Both sentiment analysis and stance detection are classification tasks with multiple possible implementations. Earlier approaches were based on dictionaries of e.g. positive and negative words, and texts would be classified by simply counting the words, using rules of categorization, or various statistical models. We employ the method of tuning large pretrained language models like BERT [8] as supervised text classifiers. Such context-sensitive language models have been shown to work well across various NLP tasks and typically outperform earlier methods [8, 9]. Reports on using LLMs for stance detection in lower-resource languages are relatively limited in literature. However, their value becomes evident in situations where language-specific NLP tools and resources, like labeled training sets, may be scarce, but where there exists ample unlabeled data, such as free-running text, to train a LLM or incorporate the language into a multilingual model [10, 11]. Resources pertinent for NLP encompass both available methods as well as datasets among other factors (cf. [12]).

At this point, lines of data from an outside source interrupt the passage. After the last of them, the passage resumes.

Theorem proposition3p7 (A B : nset) :
  infinite B ->
  (forall S : nset, subset S B -> infinite S -> ce_in S A) ->
  exists (C : nset) (Theta : operator),
    subset C B /\ infinite C /\ rel_ce_operator Theta /\
    (forall S : nset, subset S C -> infinite S ->
       forall x, apply_op Theta S x <-> A x).
Proof.
move=> Binf ceA; apply: NNPP => noOp.
have force_dense F X e : condition B F X -> forcing_extension A B e F X.
  move=> FX; case: (force_or_uniform A e FX) => // [[C [CX [Cinf unif]]]].
  case: noOp; exists C, (theta F e); split; first exact: subset_trans CX FX.2.1.
  by split=> //; split; [apply: theta_rel_ce|apply: apply_theta].
have [S [SB [Sinf notce]]] := generic_not_ce Binf force_dense.
exact: notce (ceA S SB Sinf).
Qed.
(* Let $\mu$ be a Borel probability measure on a standard Borel space $X$ and let $\phi$ be a continuous unitary representation of $L^0(\mu,\mathbb T)$ on a separable complex Hilbert space. Then there is a finite Borel measure $\nu$ on $X$ such that: (i) $\nu\ll\mu$ and $\phi$ is the composition of the natural homomorphism $L^0(\mu,\mathbb T)\to L^0(\nu,\mathbb T)$ with a continuous unitary representation of $L^0(\nu,\mathbb T)$; (ii) whenever $\nu'$ is a finite Borel measure on $X$ with $\nu'\ll\mu$ such that $\phi$ is the composition of the natural homomorphism $L^0(\mu,\mathbb T)\to L^0(\nu',\mathbb T)$ with a continuous unitary representation of $L^0(\nu',\mathbb T)$, we have $\nu\ll\nu'$.
   Context: $\mathbb T$ is the unit circle in $\mathbb C$. $L^0(\mu,\mathbb T)$ is the group of $\mu$-equivalence classes of measurable functions $X\to\mathbb T$ with pointwise multiplication and the topology of convergence in measure. If $\nu\ll\mu$ are finite Borel measures, the natural homomorphism $L^0(\mu,\mathbb T)\to L^0(\nu,\mathbb T)$ sends the $\mu$-class of a Borel function to its $\nu$-class (well defined since the $\nu$-class contains the $\mu$-class). Unitary representations are strongly continuous. *)

From HB Require Import structures.
From mathcomp Require Import all_boot all_order all_algebra.
From mathcomp Require Import all_classical all_reals.
From mathcomp Require Import topology normedtype measure lebesgue_measure.
From mathcomp.real_closed Require Import complex.
Set Implicit Arguments. Unset Strict Implicit. Unset Printing Implicit Defensive.
Import Order.TTheory GRing.Theory Num.Theory.
Local Open Scope classical_set_scope.
Local Open Scope ring_scope.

Automated stance detection has also been applied in studies on immigration and related topics. The data they use is usually textual, ranging from often studied Twitter [2, 13] to online discussion forums [14] and comments of online news [15]. In the context of news media, the immigration topic is also relevant in hate-speech detection, which applies similar methods [13]. These studies use a variety of methods for stance detection, including LLMs. Including single-shot studies (e.g. [16]) where training set topics match the predicted topics; multi-shot approaches which offer partial transferability; and zero shot [6, 15] which aims to predict topics not contained in the training set. Automated stance detection has been used to study immigration topics in less-resourced languages, like Swedish [14], and across-topics (zero-shot) and multilingual approaches using LLMs have been shown to work across languages other than English, like in Italian, French and German [6].
Object of analysis
Immigration has witnessed increased focus in media and politics in Europe since the 2015 European migrant crisis, but is also relevant globally. Analysis of media representations of immigration is crucial, as it can determine stances towards immigration [17, 18], such as perception of the actual magnitude of immigration. In turn, exposure to immigration related news can have an impact on voting patterns [17]. This topic is also central in populist radical right rhetorics [19, 20]. Social media has been argued to be one of the means for achieving populistic goals [21]. In the Estonian context, most of the radical right content circulating in Estonian-language social media have been reported to be references to articles from the news and opinion portal Uued Uudised [22], making it a relevant source for understanding radical right populists’ perspective towards immigration.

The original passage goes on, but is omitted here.